Why, Adam Liptak asks, is it morally permissible to blame clients for their lawyers’ mistakes?  In the case in point, a death row inmate was represented by a drug-addicted attorney who eventually committed suicide.  Not surprisingly, legal motions were improperly filed and, precisely for this reason, a court refused to hear the defendants case.  Here’s Liptak’s discussion of the primary issue:

. . . why is it morally permissible to blame clients for their lawyers’ mistakes?

The legal system generally answers by saying that lawyers are their clients’ agents.

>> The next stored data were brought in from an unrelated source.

(* Fix $0<\varepsilon<1$ and let $n$ be sufficiently large with respect to $\varepsilon$; let $m=\lceil n/\log^8 n\rceil$. Let $P=\{(u_1,v_1),\dots,(u_s,v_s)\}$ be an $s$-pairing in $[n]$ with $s\ge\varepsilon n$, and let $\pi:[n]\to[m]$ be a map that is $\varepsilon$-respectful of $P$ and satisfies $|\pi^{-1}(x)|\le 2n/m$ for all $x\in[m]$. Let $\Pi$ be the set of all unordered pairs $\big\{\{\pi(u_i),\pi(u_j)\},\{\pi(v_i),\pi(v_j)\}\big\}$ over all $i,j\in[s]$ with $\pi(u_i)\neq\pi(u_j)$, $\pi(v_i)\ne\pi(v_j)$ and $\{\pi(u_i),\pi(u_j)\}\neq\{\pi(v_i),\pi(v_j)\}$. Then $|\Pi|\ge\varepsilon^4 n^2/6$.
   Context: Logarithms are natural. An $s$-pairing in $[n]$ is a collection $\{(u_1,v_1),\dots,(u_s,v_s)\}$ of pairs where $u_1,\dots,u_s,v_1,\dots,v_s$ are distinct elements of $[n]$. A map $\pi:[n]\to[m]$ is $\varepsilon$-respectful of it if there is $I\subseteq[s]$ with $|I|\ge\varepsilon s$ such that $\pi(u_i)\ne\pi(v_i)$ for all $i\in I$ and the pairs $\{\pi(u_i),\pi(v_i)\}$, $i\in I$, are pairwise distinct. *)

From mathcomp Require Import all_boot all_order all_algebra.
From mathcomp Require Import all_classical all_reals all_analysis.
Set Implicit Arguments. Unset Strict Implicit. Unset Printing Implicit Defensive.
Import Order.TTheory GRing.Theory Num.Theory.
Local Open Scope ring_scope.

(* [n] is modelled by 'I_n. An s-pairing {(u_1,v_1),...,(u_s,v_s)} in [n] is
   given by u v : 'I_s -> 'I_n such that all of u_1..u_s,v_1..v_s are distinct. *)
Definition is_pairing (n s : nat) (u v : 'I_s -> 'I_n) : Prop :=
  injective u /\ injective v /\ (forall i j, u i != v j).

(* The unordered pair {a, b} is the finite set [set a; b]. *)
Definition respectful (R : realType) (eps : R) (n m s : nat)
    (u v : 'I_s -> 'I_n) (pi : 'I_n -> 'I_m) : Prop :=
  exists I : {set 'I_s},
    eps * s%:R <= #|I|%:R /\
    (forall i, i \in I -> pi (u i) != pi (v i)) /\
    (forall i j, i \in I -> j \in I ->
       [set pi (u i); pi (v i)] = [set pi (u j); pi (v j)] -> i = j).

Definition Pi_set (n m s : nat) (u v : 'I_s -> 'I_n) (pi : 'I_n -> 'I_m)
  : {set {set {set 'I_m}}} :=
  [set [set [set pi (u ij.1); pi (u ij.2)]; [set pi (v ij.1); pi (v ij.2)]]
    | ij in [set ij : 'I_s * 'I_s |
        [&& pi (u ij.1) != pi (u ij.2), pi (v ij.1) != pi (v ij.2) &
            [set pi (u ij.1); pi (u ij.2)] != [set pi (v ij.1); pi (v ij.2)]]]].

From mathcomp Require Import all_boot all_order all_algebra.
From mathcomp Require Import all_classical all_reals all_analysis.
From mathcomp Require Import lra.
Import Order.TTheory GRing.Theory Num.Theory.
Set Implicit Arguments. Unset Strict Implicit. Unset Printing Implicit Defensive.
Local Open Scope ring_scope.
Local Notation setX := finset.setX.

(* Count ordered pairs (i, j) in I x I, I the index set witnessing
   respectfulness, rather than the elements of Pi.  A pair fails to be good
   only if pi(u_j) = pi(u_i), pi(v_j) = pi(v_i) or pi(v_j) = pi(u_i), and for
   fixed i each collision leaves at most 2n/m choices of j; as m >= 18/eps^2
   for large n, 2n/m <= eps^2 n / 9 <= |I| / 9, so at least 2/3 |I|^2 pairs
   are good.  An element {A, B} of Pi comes from at most 4 good pairs: the
   orientation and pi(u_i) in A fix the pair (pi(u_i), pi(v_i)), hence i by
   respectfulness, and then j.  Thus |Pi| >= |I|^2 / 6 >= eps^4 n^2 / 6. *)

Lemma set2_eqE (T : finType) (a b c d : T) :
  [set a; b] = [set c; d] -> (a = c /\ b = d) \/ (a = d /\ b = c).
Proof.
move=> E.
have : a \in [set c; d] by rewrite -E !inE eqxx.
have : b \in [set c; d] by rewrite -E !inE eqxx orbT.
have : c \in [set a; b] by rewrite E !inE eqxx.
have : d \in [set a; b] by rewrite E !inE eqxx orbT.
rewrite !inE => /orP[]/eqP? /orP[]/eqP? /orP[]/eqP? /orP[]/eqP?; subst; tauto.
Qed.

Lemma set2_inj (T : finType) (a b c : T) : [set a; b] = [set a; c] -> b = c.
Proof. by case/set2_eqE=> [[_ ->]|[-> ->]]. Qed.

Lemma card_le_fibres (R : numDomainType) (T J : finType) (A : {set T})
    (f : T -> J) (c : R) :
  (forall y, #|[set x in A | f x == y]|%:R <= c) ->
  #|A|%:R <= #|f @: A|%:R * c.
Proof.
move=> fibre_le.
rewrite -sum1_card (partition_big_imset f) natr_sum mulrC mulr_natr -sumr_const.
apply: ler_sum => y _; apply: le_trans (fibre_le y).
by rewrite sum1dep_card ler_nat; apply/eq_leq/eq_card => x; rewrite !inE.
Qed.

Section PairsOfIndices.

Variables (S T : finType) (a b : S -> T) (I : {set S}).

Definition good_pair (ij : S * S) :=
  [&& a ij.1 != a ij.2, b ij.1 != b ij.2 &
      [set a ij.1; a ij.2] != [set b ij.1; b ij.2]].

Definition pair_label (ij : S * S) :=
  [set [set a ij.1; a ij.2]; [set b ij.1; b ij.2]].

Definition good_pairs_in := [set ij in setX I I | good_pair ij].

Lemma card_collisions_le (R : numDomainType) (g h : S -> T) (c : R) :
  0 <= c -> (forall t, #|[set j | g j == t]|%:R <= c) ->
  #|[set ij in setX I I | g ij.2 == h ij.1]|%:R <= #|I|%:R * c.
Proof.
move=> c_ge0 fibre_le; apply: le_trans (card_le_fibres (f := fst) _) _.
  move=> i; apply: le_trans (fibre_le (h i)); rewrite ler_nat.
  have pair_inj : injective (pair i : S -> S * S) by move=> ? ? [].
  rewrite -(card_imset [set j | g j == h i] pair_inj); apply: subset_leq_card.
  apply/fintype.subsetP => -[i' j]; rewrite !inE /= => /andP[/andP[_ gj] /eqP<-].
  by apply/imsetP; exists j; rewrite ?inE.
rewrite ler_wpM2r // ler_nat; apply: subset_leq_card.
by apply/fintype.subsetP => _ /imsetP[-[i j] + ->]; rewrite !inE => /andP[/andP[]].
Qed.

Hypothesis a_neq_b : {in I, forall i, a i != b i}.

Lemma card_good_pairs_ge (R : realDomainType) (c : R) :
  0 <= c ->
  (forall t, #|[set j | a j == t]|%:R <= c) ->
  (forall t, #|[set j | b j == t]|%:R <= c) ->
  #|I|%:R ^+ 2 - 3 * (#|I|%:R * c) <= #|good_pairs_in|%:R.
Proof.
move=> c_ge0 fibre_a fibre_b.
set B1 := [set ij in setX I I | a ij.2 == a ij.1].
set B2 := [set ij in setX I I | b ij.2 == b ij.1].
set B3 := [set ij in setX I I | b ij.2 == a ij.1].
have cover : setX I I \subset good_pairs_in :|: (B1 :|: (B2 :|: B3)).
  apply/fintype.subsetP => -[i j]; rewrite !inE /= => /andP[Ii Ij].
  rewrite Ii Ij /= /good_pair /=.
  have [->|_] := eqVneq (a j) (a i); first by rewrite !orbT.
  have [->|_] := eqVneq (b j) (b i); first by rewrite !orbT.
  have [->|ba] := eqVneq (b j) (a i); first by rewrite !orbT.
  rewrite /= !orbF; apply/eqP => sets_eq.
  have : a i \in [set b i; b j] by rewrite -sets_eq !inE eqxx.
  by rewrite !inE (negbTE (a_neq_b Ii)) eq_sym (negbTE ba).
have := subset_leq_card cover; rewrite -(ler_nat R) cardsX natrM => cover_le.
have le_union (X Y : {set S * S}) : #|X :|: Y|%:R <= #|X|%:R + #|Y|%:R :> R.
  by rewrite -natrD ler_nat leq_card_setU.
have := card_collisions_le a c_ge0 fibre_a.
have := card_collisions_le b c_ge0 fibre_b.
have := card_collisions_le a c_ge0 fibre_b.
have := le_union B2 B3; have := le_union B1 (B2 :|: B3).
have := le_union good_pairs_in (B1 :|: (B2 :|: B3)).
rewrite expr2 -/B1 -/B2 -/B3; lra.
Qed.

Hypothesis ends_inj :
  {in I &, forall i j, [set a i; b i] = [set a j; b j] -> i = j}.

Lemma ends_not_swapped i k : i \in I -> k \in I -> (a i, b i) != (b k, a k).
Proof.
move=> Ii Ik; apply/eqP => -[ai bi].
have ik : i = k by apply: ends_inj; rewrite // ai bi finset.setUC.
by move: (a_neq_b Ii); rewrite ai ik eqxx.
Qed.

Lemma good_pair_eq i j k l : [&& i \in I, j \in I, k \in I & l \in I] ->
  [set a i; a j] = [set a k; a l] -> [set b i; b j] = [set b k; b l] ->
  a i = a k -> b i = b k -> (i, j) = (k, l).
Proof.
case/and4P=> Ii Ij Ik Il sa sb ai bi.
have ik : i = k by apply: ends_inj; rewrite // ai bi.
rewrite -ik in sa sb *; congr (_, _); apply: ends_inj => //.
by rewrite (set2_inj sa) (set2_inj sb).
Qed.

Lemma card_label_fibre_le4 y :
  (#|[set ij in good_pairs_in | pair_label ij == y]| <= 4)%N.
Proof.
set F := [set _ in _ | _].
have [->|[[i0 j0] F0]] := set_0Vmem F; first by rewrite cards0.
set A := [set a i0; a j0]; set B := [set b i0; b j0].
have [AB oriented] : A != B /\ forall ij, ij \in F -> [&& ij.1 \in I, ij.2 \in I &
    (([set a ij.1; a ij.2] == A) && ([set b ij.1; b ij.2] == B)) ||
    (([set a ij.1; a ij.2] == B) && ([set b ij.1; b ij.2] == A))].
  move: F0; rewrite !inE => /andP[/andP[/andP[Ii0 Ij0] /and3P[_ _ AB]] /eqP label0].
  split=> // ij; rewrite !inE -label0 => /andP[/andP[/andP[-> ->] _] /eqP /set2_eqE].
  by case=> -[-> ->]; rewrite !eqxx ?orbT.
pose orient ij := if [set a ij.1; a ij.2] == A then (a ij.1, b ij.1)
                  else (b ij.1, a ij.1).
rewrite -(card_in_imset (f := orient)).
  apply: leq_trans (subset_leq_card (_ : _ \subset setX A B)) _.
    apply/fintype.subsetP => _ /imsetP[ij /oriented/and3P[_ _ + ->]].
    rewrite /orient; case/orP=> /andP[/eqP sa /eqP sb].
      by rewrite sa eqxx finset.in_setX -sa -sb !inE !eqxx.
    by rewrite sa eq_sym (negbTE AB) finset.in_setX -sa -sb !inE !eqxx.
  by rewrite cardsX !cards2; case: (_ != _); case: (_ != _).
move=> [i j] [k l] /oriented/and3P[/= Ii Ij Cij] /oriented/and3P[/= Ik Il Ckl].
have Iijkl : [&& i \in I, j \in I, k \in I & l \in I] by rewrite Ii Ij Ik Il.
have BA : (B == A) = false by rewrite eq_sym (negbTE AB).
rewrite /orient /=.
case/orP: Cij => /andP[/eqP sa /eqP sb]; case/orP: Ckl => /andP[/eqP sa' /eqP sb'];
  rewrite sa sa' ?eqxx ?BA.
- by case=> ai bi; apply: good_pair_eq; rewrite // ?sa ?sa' ?sb ?sb'.
- by move/eqP; rewrite (negbTE (ends_not_swapped Ii Ik)).
- by move/eqP; rewrite eq_sym (negbTE (ends_not_swapped Ik Ii)).
- by case=> bi ai; apply: good_pair_eq; rewrite // ?sa ?sa' ?sb ?sb'.
Qed.

Lemma card_good_pairs_le (R : numDomainType) :
  #|good_pairs_in|%:R <= #|pair_label @: [set ij | good_pair ij]|%:R * 4 :> R.
Proof.
apply: le_trans (card_le_fibres (f := pair_label) (c := 4) _) _.
  by move=> y; rewrite (ler_nat _ _ 4) card_label_fibre_le4.
rewrite ler_wpM2r // ler_nat; apply/subset_leq_card/imsetS.
by apply/fintype.subsetP => ij; rewrite !inE => /andP[].
Qed.

End PairsOfIndices.

(* [expR t >= t ^+ k.+1 / k.+1`!] with [t = ln n >= k.+1`! * M]. *)
Lemma div_ln_pow_large (R : realType) (M : R) (k : nat) : 0 < M ->
  exists N : nat, forall n, (N <= n)%N -> M <= n%:R / ln (n%:R : R) ^+ k.
Proof.
move=> M_gt0; set K := k.+1`!%:R * M.
have fact_gt0 : 0 < k.+1`!%:R :> R by rewrite ltr0n fact_gt0.
have K_gt0 : 0 < K by rewrite mulr_gt0.
exists (Num.bound (expR K)) => n Hn.
have n_gt : expR K < n%:R.
  by apply: lt_le_trans (archi_boundP (expR_ge0 K)) _; rewrite ler_nat.
have n_gt0 : 0 < n%:R :> R by apply: lt_trans n_gt; exact: expR_gt0.
set t := ln (n%:R : R).
have K_le_t : K <= t by rewrite -ler_expR lnK ?posrE // ltW.
have t_gt0 : 0 < t by apply: lt_le_trans K_le_t.
rewrite ler_pdivlMr ?exprn_gt0 //.
have key : M * t ^+ k <= t ^+ k.+1 / k.+1`!%:R.
  rewrite ler_pdivlMr // exprS mulrAC [M * _]mulrC -/K.
  by rewrite ler_wpM2r ?exprn_ge0 ?(ltW t_gt0).
have := expR_ge1Dxn k (ltW t_gt0); rewrite lnK ?posrE //.
lra.
Qed.

Lemma card_fibre_comp (aT rT J : finType) (w : aT -> rT) (f : rT -> J) x :
  injective w -> (#|[set j | f (w j) == x]| <= #|[set y | f y == x]|)%N.
Proof.
move=> w_inj; rewrite -(card_imset _ w_inj); apply: subset_leq_card.
by apply/fintype.subsetP => _ /imsetP[j + ->]; rewrite !inE.
Qed.

Lemma sqr_div6_le_of_count (R : realFieldType) (L x c g p : R) :
  0 <= L <= x -> 0 <= c <= L / 9 ->
  x ^+ 2 - 3 * (x * c) <= g -> g <= p * 4 -> L ^+ 2 / 6 <= p.
Proof.
case/andP=> L_ge0 L_le_x /andP[c_ge0 c_le] g_ge g_le.
have x_ge0 : 0 <= x := le_trans L_ge0 L_le_x.
have : 0 <= x * (L / 9 - c) by rewrite mulr_ge0 // subr_ge0.
have : 0 <= x * (x - L) by rewrite mulr_ge0 // subr_ge0.
have : 0 <= (x - L) * (x + L) by rewrite mulr_ge0 ?subr_ge0 // addr_ge0.
nra.
Qed.

Theorem lemma5p2 (R : realType) (eps : R) :
  0 < eps < 1 ->
  exists N : nat, forall n : nat, (N <= n)%N ->
  forall m : nat,
    (m%:Z = Num.ceil (n%:R / (ln (n%:R : R)) ^+ 8)) ->
  forall (s : nat) (u v : 'I_s -> 'I_n),
    is_pairing u v -> eps * n%:R <= s%:R ->
  forall pi : 'I_n -> 'I_m,
    respectful eps u v pi ->
    (forall x : 'I_m, #|[set y | pi y == x]|%:R <= 2 * n%:R / (m%:R : R)) ->
    eps ^+ 4 * (n%:R) ^+ 2 / 6 <= (#|Pi_set u v pi|%:R : R).
Proof.
move=> /andP[eps_gt0 _]; have eps2_gt0 : 0 < eps ^+ 2 by rewrite exprn_gt0.
have [N large] := div_ln_pow_large 8 (divr_gt0 (ltr0n R 18) eps2_gt0).
exists N => n le_Nn m m_def s u v [u_inj [v_inj _]] s_ge pi
  [I [I_ge [a_neq_b ends_inj]]] fibre_le.
have m_ge : 18 / eps ^+ 2 <= m%:R.
  by apply: le_trans (large n le_Nn) _; rewrite [m%:R]pmulrn m_def ceil_ge.
have m_gt0 : 0 < m%:R :> R by apply: lt_le_trans m_ge; rewrite divr_gt0.
set c : R := 2 * n%:R / m%:R in fibre_le.
have c_ge0 : 0 <= c by rewrite divr_ge0 ?mulr_ge0.
have c_le : c <= eps ^+ 2 * n%:R / 9.
  move: m_ge; rewrite /c !ler_pdivrMr // -subr_ge0 => /(mulr_ge0 (ler0n R n)).
  nra.
have fibre_comp (w : 'I_s -> 'I_n) :
    injective w -> forall x, #|[set j | pi (w j) == x]|%:R <= c.
  by move=> w_inj x; apply: le_trans (fibre_le x); rewrite ler_nat card_fibre_comp.
rewrite (_ : eps ^+ 4 * _ = (eps ^+ 2 * n%:R) ^+ 2); last by rewrite exprMn -exprM.
have good_le : #|good_pairs_in (pi \o u) (pi \o v) I|%:R <= #|Pi_set u v pi|%:R * 4
  := card_good_pairs_le a_neq_b ends_inj R.
have good_ge :=
  card_good_pairs_ge a_neq_b c_ge0 (fibre_comp u u_inj) (fibre_comp v v_inj).
apply: (sqr_div6_le_of_count _ _ good_ge good_le).
- rewrite mulr_ge0 ?(ltW eps2_gt0) //=.
  by apply: le_trans I_ge; rewrite expr2 -mulrA ler_wpM2l ?(ltW eps_gt0).
- by rewrite c_ge0 c_le.
Qed.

The answer makes perfect sense when you are talking about sophisticated clients who choose their lawyers, supervise their work and fire them if they turn out to be incompetent or worse.

But the theory turns problematic . . . when the clients are on death row, have no role in the selection of their lawyers and have no real control over them.

As a legal layperson, I have never understood why defendants should suffer for the sins of their attorneys.  But they do.  All the time.  AGB

When Death Row Lawyers Stumble, Clients Take the Fall

By 

Published: January 7, 2013

WASHINGTON — Twice in recent years, the Supreme Court rebuked the federal appeals court in Atlanta for its rigid attitude toward filing deadlines in capital cases. The appeals court does not seem to be listening.

A few days after Christmas, a divided three-judge panel of the court ruled that Ronald B. Smith, a death row inmate in Alabama, could not pursue a challenge to his conviction and sentence because he had not “properly filed” a document by a certain deadline.

As it happens, there is no dispute that the document was filed on time. But it was not “properly filed,” the majority said, because Mr. Smith’s lawyer did not at the same time pay the $154 filing fee or file a motion to establish something also not in dispute — that his client was indigent. (more…)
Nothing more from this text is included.